- Activity
Starting with the first line of the data that follows, transcribe every line verbatim until the line containing "rewrite !psi0E //." has been transcribed.

- Data provided
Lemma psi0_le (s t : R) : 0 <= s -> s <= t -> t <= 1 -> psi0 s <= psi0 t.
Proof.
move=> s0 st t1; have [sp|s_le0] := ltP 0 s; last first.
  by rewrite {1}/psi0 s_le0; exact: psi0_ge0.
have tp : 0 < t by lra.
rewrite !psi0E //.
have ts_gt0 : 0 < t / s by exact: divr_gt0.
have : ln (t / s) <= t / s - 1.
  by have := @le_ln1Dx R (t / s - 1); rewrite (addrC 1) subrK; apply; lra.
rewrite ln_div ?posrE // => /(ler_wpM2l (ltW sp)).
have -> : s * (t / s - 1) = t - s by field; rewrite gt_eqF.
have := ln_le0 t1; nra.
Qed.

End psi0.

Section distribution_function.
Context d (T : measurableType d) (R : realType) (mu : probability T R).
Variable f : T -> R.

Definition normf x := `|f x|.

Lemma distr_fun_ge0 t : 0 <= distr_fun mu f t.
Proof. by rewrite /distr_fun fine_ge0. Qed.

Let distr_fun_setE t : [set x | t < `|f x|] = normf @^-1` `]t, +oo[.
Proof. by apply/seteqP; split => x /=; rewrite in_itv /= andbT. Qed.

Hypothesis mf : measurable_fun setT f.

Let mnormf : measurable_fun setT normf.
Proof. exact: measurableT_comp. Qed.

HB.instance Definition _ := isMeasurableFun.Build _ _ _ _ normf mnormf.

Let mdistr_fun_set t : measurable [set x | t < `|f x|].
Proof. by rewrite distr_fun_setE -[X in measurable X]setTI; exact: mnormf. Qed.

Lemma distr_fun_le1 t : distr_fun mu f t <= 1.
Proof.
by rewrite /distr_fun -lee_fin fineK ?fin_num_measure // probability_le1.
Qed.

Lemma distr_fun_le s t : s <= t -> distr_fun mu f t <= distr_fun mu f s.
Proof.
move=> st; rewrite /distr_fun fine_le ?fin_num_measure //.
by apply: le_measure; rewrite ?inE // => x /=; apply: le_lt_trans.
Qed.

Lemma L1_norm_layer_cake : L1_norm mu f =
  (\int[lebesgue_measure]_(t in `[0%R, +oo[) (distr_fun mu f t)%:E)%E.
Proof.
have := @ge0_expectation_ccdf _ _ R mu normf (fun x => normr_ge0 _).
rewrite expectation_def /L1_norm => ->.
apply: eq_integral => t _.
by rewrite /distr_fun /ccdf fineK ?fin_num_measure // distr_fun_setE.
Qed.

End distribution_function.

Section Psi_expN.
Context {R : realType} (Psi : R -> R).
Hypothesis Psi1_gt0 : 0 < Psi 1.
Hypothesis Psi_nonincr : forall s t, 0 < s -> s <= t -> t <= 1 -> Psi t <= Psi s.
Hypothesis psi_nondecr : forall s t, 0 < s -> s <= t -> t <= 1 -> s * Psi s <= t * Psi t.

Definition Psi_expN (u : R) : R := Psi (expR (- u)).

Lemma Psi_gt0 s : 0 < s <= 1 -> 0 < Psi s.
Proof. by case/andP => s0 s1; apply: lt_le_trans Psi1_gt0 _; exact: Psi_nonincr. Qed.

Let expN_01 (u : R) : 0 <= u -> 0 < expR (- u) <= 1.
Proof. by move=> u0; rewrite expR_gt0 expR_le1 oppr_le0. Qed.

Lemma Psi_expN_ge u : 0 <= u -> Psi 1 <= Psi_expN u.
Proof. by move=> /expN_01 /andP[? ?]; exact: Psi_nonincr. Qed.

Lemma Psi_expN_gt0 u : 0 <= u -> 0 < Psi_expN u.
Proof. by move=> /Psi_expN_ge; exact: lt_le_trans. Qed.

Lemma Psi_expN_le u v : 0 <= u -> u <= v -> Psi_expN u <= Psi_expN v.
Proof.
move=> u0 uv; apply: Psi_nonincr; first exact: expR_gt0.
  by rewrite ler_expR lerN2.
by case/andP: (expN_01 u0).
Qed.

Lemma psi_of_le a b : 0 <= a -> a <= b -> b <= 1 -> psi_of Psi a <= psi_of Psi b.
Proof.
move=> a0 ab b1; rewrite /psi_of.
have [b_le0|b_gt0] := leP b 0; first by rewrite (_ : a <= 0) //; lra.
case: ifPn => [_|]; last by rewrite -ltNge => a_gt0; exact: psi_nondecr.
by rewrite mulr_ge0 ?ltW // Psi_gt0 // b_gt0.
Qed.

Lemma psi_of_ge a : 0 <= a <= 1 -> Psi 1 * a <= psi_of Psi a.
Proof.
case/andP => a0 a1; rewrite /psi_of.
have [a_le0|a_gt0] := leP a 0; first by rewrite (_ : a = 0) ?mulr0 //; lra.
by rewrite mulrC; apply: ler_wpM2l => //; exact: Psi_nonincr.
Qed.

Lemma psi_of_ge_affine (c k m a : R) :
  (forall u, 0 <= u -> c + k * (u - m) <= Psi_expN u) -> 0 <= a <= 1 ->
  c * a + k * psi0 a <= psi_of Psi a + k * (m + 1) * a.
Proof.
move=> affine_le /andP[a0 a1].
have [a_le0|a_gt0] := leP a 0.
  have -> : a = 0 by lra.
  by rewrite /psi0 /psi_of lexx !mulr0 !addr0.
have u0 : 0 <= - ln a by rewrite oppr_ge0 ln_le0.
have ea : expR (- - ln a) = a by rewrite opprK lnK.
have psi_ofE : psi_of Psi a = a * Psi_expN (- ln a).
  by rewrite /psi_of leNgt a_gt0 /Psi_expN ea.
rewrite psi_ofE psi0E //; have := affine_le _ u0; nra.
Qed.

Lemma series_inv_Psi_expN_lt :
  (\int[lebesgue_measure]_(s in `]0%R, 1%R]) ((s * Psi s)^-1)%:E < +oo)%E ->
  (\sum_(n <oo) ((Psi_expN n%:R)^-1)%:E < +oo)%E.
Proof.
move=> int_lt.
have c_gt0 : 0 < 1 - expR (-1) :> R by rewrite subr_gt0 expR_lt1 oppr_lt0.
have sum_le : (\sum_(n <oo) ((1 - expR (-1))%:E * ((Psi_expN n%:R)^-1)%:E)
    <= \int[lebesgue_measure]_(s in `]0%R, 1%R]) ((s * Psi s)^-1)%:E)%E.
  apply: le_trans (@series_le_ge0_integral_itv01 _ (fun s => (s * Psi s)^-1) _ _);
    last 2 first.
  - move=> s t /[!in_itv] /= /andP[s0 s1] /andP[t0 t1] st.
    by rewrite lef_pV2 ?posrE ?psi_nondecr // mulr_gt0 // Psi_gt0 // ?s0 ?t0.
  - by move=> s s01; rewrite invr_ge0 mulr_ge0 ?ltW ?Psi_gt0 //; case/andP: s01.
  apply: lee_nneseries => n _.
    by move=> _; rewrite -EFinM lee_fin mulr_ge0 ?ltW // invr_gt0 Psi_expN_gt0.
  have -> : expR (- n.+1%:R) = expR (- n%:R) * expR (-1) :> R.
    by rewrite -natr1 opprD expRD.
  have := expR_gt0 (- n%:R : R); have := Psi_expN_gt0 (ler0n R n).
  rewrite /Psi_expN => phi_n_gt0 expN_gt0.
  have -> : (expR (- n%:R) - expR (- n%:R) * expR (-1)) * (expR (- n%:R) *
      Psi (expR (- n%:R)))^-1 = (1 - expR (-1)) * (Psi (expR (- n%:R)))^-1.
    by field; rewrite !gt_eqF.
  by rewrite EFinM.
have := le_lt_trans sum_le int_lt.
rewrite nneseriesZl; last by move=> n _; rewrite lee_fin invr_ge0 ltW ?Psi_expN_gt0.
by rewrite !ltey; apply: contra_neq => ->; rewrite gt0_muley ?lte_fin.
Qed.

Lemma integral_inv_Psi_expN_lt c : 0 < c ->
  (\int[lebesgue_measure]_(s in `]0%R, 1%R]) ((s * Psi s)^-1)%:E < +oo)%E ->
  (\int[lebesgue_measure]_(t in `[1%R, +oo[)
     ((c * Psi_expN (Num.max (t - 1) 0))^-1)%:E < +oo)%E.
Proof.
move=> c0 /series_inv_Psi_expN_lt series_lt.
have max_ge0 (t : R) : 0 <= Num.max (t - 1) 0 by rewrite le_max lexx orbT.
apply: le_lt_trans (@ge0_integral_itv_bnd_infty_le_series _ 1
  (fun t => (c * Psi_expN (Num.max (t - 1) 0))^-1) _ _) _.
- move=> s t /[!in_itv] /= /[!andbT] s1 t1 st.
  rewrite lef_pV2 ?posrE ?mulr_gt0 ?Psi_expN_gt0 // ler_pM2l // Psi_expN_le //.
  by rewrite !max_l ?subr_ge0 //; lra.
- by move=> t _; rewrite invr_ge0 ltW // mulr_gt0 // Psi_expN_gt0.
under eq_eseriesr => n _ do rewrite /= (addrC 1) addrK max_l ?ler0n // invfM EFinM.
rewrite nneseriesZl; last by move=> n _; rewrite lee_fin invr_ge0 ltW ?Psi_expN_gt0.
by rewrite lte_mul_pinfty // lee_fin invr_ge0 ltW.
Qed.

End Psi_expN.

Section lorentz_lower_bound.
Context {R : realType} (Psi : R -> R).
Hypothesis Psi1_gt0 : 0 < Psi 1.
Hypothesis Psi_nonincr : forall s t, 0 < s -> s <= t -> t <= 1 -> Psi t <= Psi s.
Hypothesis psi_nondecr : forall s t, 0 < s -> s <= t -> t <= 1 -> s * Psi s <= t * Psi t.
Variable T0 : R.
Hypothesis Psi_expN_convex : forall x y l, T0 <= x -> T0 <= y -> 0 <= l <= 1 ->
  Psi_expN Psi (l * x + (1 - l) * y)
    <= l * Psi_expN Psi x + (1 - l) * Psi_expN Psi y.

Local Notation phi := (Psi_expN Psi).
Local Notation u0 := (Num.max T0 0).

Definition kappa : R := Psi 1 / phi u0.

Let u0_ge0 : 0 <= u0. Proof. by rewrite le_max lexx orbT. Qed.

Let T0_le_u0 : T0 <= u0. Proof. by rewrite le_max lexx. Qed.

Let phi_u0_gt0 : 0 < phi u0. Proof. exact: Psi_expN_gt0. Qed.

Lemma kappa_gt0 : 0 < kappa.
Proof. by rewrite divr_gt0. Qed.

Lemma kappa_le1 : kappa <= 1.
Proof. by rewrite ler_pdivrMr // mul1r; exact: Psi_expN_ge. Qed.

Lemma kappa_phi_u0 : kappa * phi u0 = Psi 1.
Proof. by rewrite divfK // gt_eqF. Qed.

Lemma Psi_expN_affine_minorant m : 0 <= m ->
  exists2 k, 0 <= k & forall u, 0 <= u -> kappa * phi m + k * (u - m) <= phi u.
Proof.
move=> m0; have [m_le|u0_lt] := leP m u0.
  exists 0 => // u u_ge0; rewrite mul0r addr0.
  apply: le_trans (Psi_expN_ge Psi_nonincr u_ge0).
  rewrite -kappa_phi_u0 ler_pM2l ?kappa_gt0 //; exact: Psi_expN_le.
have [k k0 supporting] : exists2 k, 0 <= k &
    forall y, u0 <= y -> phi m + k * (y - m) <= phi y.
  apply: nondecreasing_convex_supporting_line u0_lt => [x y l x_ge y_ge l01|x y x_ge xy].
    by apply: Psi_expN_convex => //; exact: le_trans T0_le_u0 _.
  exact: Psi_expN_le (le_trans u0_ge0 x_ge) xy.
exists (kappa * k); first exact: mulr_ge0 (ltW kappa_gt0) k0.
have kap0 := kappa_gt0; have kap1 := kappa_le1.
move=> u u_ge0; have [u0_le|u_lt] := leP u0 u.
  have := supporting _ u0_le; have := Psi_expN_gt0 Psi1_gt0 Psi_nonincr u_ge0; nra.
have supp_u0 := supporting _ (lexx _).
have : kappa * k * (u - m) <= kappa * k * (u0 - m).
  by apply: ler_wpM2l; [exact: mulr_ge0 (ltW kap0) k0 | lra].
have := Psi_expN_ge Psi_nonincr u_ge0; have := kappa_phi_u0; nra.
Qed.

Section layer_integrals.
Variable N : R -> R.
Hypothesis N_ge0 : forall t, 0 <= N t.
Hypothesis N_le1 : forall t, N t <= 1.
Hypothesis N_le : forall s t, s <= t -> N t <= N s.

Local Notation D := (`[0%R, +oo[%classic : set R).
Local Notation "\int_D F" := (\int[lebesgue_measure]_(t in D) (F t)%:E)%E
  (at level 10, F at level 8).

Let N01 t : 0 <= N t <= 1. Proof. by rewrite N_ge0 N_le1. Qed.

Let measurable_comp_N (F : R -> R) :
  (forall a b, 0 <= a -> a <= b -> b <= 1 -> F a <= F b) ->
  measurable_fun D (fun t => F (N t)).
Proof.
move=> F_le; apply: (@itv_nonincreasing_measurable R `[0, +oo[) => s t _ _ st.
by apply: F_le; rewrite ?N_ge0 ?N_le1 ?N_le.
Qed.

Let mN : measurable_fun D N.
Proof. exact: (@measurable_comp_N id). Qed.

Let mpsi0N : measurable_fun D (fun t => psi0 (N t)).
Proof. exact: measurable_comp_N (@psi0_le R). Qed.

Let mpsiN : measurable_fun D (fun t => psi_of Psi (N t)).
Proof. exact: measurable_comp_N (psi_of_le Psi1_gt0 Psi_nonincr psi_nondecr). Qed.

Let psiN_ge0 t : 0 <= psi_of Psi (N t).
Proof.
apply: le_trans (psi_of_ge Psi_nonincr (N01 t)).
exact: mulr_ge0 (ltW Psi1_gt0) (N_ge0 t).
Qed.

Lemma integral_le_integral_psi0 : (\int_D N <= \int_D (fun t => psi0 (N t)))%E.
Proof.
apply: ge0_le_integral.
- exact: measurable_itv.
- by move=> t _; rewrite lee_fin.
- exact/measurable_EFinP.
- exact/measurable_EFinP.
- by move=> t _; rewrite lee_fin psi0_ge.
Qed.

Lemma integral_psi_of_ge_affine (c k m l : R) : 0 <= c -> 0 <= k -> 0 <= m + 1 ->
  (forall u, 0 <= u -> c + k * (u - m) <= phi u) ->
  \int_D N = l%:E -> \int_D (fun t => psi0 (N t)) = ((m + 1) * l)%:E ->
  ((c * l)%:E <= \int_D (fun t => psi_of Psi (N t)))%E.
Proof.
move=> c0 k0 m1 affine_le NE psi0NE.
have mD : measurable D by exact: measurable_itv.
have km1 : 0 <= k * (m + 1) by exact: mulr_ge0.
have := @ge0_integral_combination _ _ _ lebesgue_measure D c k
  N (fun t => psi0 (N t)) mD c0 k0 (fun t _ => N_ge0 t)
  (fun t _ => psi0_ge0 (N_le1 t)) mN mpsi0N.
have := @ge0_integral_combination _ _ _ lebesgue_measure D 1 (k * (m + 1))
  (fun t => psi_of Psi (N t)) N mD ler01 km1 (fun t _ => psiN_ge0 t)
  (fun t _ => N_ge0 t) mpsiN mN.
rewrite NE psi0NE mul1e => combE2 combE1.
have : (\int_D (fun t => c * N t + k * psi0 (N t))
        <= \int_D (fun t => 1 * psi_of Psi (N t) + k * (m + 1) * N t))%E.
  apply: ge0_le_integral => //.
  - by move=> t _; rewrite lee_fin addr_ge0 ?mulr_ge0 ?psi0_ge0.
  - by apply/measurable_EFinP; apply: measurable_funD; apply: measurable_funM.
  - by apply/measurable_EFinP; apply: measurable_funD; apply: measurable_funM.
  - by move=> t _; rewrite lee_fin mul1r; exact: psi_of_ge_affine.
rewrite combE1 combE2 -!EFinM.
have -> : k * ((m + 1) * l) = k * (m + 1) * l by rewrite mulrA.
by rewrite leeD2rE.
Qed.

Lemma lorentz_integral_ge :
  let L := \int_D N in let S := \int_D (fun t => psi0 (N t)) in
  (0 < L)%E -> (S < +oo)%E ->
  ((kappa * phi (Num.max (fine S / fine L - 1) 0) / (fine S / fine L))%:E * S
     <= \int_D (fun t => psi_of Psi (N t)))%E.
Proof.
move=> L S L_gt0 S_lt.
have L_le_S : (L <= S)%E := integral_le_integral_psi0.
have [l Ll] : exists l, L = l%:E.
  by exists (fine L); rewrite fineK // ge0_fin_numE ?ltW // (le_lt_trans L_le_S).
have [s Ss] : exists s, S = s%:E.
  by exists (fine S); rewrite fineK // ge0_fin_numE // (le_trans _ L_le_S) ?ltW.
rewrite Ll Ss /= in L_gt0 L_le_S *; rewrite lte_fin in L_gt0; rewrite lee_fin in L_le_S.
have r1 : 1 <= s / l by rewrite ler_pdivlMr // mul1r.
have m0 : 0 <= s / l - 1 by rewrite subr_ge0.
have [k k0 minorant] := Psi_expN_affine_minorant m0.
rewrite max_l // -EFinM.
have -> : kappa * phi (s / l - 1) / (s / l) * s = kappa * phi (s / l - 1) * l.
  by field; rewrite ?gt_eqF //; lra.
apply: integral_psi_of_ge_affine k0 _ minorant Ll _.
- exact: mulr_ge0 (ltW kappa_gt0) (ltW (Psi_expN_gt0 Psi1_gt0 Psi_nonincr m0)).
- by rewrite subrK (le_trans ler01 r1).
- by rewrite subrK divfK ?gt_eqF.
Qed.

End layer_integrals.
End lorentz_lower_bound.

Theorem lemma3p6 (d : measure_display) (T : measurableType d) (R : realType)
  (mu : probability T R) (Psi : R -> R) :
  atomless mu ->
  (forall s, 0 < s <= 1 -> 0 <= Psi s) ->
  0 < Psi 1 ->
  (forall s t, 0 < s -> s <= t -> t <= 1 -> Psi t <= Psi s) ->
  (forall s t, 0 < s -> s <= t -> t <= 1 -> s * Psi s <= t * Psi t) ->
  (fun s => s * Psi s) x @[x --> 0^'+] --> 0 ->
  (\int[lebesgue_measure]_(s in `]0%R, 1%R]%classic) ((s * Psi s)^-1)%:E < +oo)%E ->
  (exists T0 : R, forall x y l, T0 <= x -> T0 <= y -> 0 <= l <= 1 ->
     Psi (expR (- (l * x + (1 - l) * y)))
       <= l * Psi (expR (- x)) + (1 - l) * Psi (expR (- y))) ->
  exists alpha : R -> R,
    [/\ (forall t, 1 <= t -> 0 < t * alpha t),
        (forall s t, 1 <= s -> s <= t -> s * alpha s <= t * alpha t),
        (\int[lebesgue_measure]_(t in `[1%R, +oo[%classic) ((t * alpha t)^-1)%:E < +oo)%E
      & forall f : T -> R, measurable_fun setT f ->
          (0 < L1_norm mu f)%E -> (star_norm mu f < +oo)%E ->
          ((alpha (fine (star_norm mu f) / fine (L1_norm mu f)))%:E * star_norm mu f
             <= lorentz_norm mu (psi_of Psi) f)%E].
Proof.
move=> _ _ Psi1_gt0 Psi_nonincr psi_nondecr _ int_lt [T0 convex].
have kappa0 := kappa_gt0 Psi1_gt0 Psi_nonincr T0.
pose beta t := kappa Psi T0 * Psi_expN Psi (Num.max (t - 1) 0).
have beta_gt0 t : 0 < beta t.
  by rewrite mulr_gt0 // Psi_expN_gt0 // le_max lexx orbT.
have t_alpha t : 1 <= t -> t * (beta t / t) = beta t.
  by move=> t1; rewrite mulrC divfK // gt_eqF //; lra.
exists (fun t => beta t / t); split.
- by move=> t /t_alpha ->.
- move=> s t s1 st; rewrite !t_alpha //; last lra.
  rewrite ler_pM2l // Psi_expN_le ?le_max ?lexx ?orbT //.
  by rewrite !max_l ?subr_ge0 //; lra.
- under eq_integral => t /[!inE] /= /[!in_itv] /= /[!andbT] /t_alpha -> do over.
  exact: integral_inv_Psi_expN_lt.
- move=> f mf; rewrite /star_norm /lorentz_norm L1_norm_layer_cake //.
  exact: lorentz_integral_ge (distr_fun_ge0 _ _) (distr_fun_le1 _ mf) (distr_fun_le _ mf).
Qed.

- Answer below
Lemma psi0_le (s t : R) : 0 <= s -> s <= t -> t <= 1 -> psi0 s <= psi0 t.
Proof.
move=> s0 st t1; have [sp|s_le0] := ltP 0 s; last first.
  by rewrite {1}/psi0 s_le0; exact: psi0_ge0.
have tp : 0 < t by lra.
rewrite !psi0E //.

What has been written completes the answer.